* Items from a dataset
+++++

(* the inverse x of ef satisfies x = f x e, hence is idempotent, hence self-inverse *)
Lemma idemS_mul e f : idemS S e -> idemS S f -> idem (e * f).
Proof.
move=> [Se ee] [Sf ff]; have Sef := inv_submonoid_mul Se Sf.
have [x [Sx [efxef xefx]]] := inv_submonoid_inv Sef.
have fxe : x = f * x * e.
  apply: (inv_submonoid_inv_uniq Sef); first by split.
  split; first exact: inv_submonoid_mul (inv_submonoid_mul Sf Sx) Se.
  split.
    have -> : e * f * (f * x * e) * (e * f) = e * (f * f) * x * (e * e) * f by rewrite !mulrA.
    by rewrite ee ff -[RHS]efxef !mulrA.
  have -> : f * x * e * (e * f) * (f * x * e) = f * (x * (e * e) * (f * f) * x) * e.
    by rewrite !mulrA.
  by rewrite ee ff -[x * e * f]mulrA xefx.
have xx : x * x = x.
  rewrite {1 2}fxe; have -> : f * x * e * (f * x * e) = f * (x * (e * f) * x) * e by rewrite !mulrA.
  by rewrite xefx -fxe.
suff -> : e * f = x by [].
apply: (inv_submonoid_inv_uniq Sx); first by split.
by split=> //; rewrite !xx.
Qed.

Lemma idemS_comm e f : idemS S e -> idemS S f -> e * f = f * e.
Proof.
move=> Ie If; have efef := idemS_mul Ie If; have fefe := idemS_mul If Ie.
case: Ie If => Se ee [Sf ff]; have Sef := inv_submonoid_mul Se Sf.
apply: (inv_submonoid_inv_uniq Sef).
- by split=> //; rewrite !efef.
- split; first exact: inv_submonoid_mul.
  have -> : e * f * (f * e) * (e * f) = e * (f * f) * (e * e) * f by rewrite !mulrA.
  have -> : f * e * (e * f) * (f * e) = f * (e * e) * (f * f) * e by rewrite !mulrA.
  by rewrite ee ff -mulrA efef -mulrA fefe.
Qed.

Lemma closure_idemS_idem x : bool_closure (idemS S) x -> x * x = x.
Proof. exact: (closure_idem (fun e (Ie : idemS S e) => proj2 Ie) idemS_comm). Qed.

Lemma closure_idemS_comm x y :
  bool_closure (idemS S) x -> bool_closure (idemS S) y -> x * y = y * x.
Proof. exact: (closure_comm idemS_comm). Qed.

Lemma closure_idemS_conj s t b : S s -> is_inv S s t ->
  bool_closure (idemS S) b -> bool_closure (idemS S) (s * b * t).
Proof.
move=> Ss [St [sts tst]].
have Its : idemS S (t * s) by split; [apply: inv_submonoid_mul | rewrite /idem mulrA tst].
have Bts := closure_gen Its.
elim=> {b}.
- move=> e Ie; apply: closure_gen; split.
    by case: Ie => Se _; apply: inv_submonoid_mul (inv_submonoid_mul Ss Se) St.
  rewrite /idem.
  have -> : s * e * t * (s * e * t) = s * (e * (t * s)) * e * t by rewrite !mulrA.
  rewrite (closure_idemS_comm (closure_gen Ie) Bts).
  have -> : s * (t * s * e) * e * t = (s * t * s) * (e * e) * t by rewrite !mulrA.
  by rewrite sts (closure_idemS_idem (closure_gen Ie)).
- move=> e f Be sets Bf sfts.
  have -> : s * (e * f) * t = (s * e * t) * (s * f * t).
    have -> : s * e * t * (s * f * t) = s * (e * (t * s)) * f * t by rewrite !mulrA.
    by rewrite (closure_idemS_comm Be Bts) !mulrA sts.
  exact: closure_mul.
- move=> e Be sets.
  have -> : s * (1 - e) * t = (s * t) * (1 - s * e * t).
    by rewrite mulrBr mulrBl mulrBr !mulr1 !mulrA sts.
  apply: closure_mul; last exact: closure_compl.
  by apply: closure_gen; split; [apply: inv_submonoid_mul | rewrite /idem mulrA sts].
Qed.

Lemma inv_submonoid_sub_normalizer s : S s -> normalizer (bool_closure (idemS S)) s.
Proof.
move=> Ss; have [t Ist] := inv_submonoid_inv Ss; exists t.
have [St [sts tst]] := Ist; have Its : is_inv S t s by [].
by split=> // b; [apply: closure_idemS_conj Ist | apply: closure_idemS_conj Its].
Qed.

End InverseSubmonoid.

Unset Implicit Arguments.

Theorem proposition3p2 (R : pzRingType) (S : R -> Prop) :
  inv_submonoid0 S ->
  exists S'' : R -> Prop, boolean_inv_submonoid S'' /\ (forall x, S x -> S'' x).
Proof.
move=> HS; exists (normalizer (bool_closure (idemS S))); split.
- apply: normalizer_boolean.
  + by apply: closure_gen; split; [case: HS | rewrite /idem mulr1].
  + exact: closure_mul.
  + exact: closure_compl.
  + exact: closure_idemS_idem.
  + exact: closure_idemS_comm.
- exact: inv_submonoid_sub_normalizer.
Qed.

+++++

* What you should do
Would you copy out exactly the lines from the one holding "inv_submonoid0 S ->" through the end of the entries above, both ends included?

* Written response
  inv_submonoid0 S ->
  exists S'' : R -> Prop, boolean_inv_submonoid S'' /\ (forall x, S x -> S'' x).
Proof.
move=> HS; exists (normalizer (bool_closure (idemS S))); split.
- apply: normalizer_boolean.
  + by apply: closure_gen; split; [case: HS | rewrite /idem mulr1].
  + exact: closure_mul.
  + exact: closure_compl.
  + exact: closure_idemS_idem.
  + exact: closure_idemS_comm.
- exact: inv_submonoid_sub_normalizer.
Qed.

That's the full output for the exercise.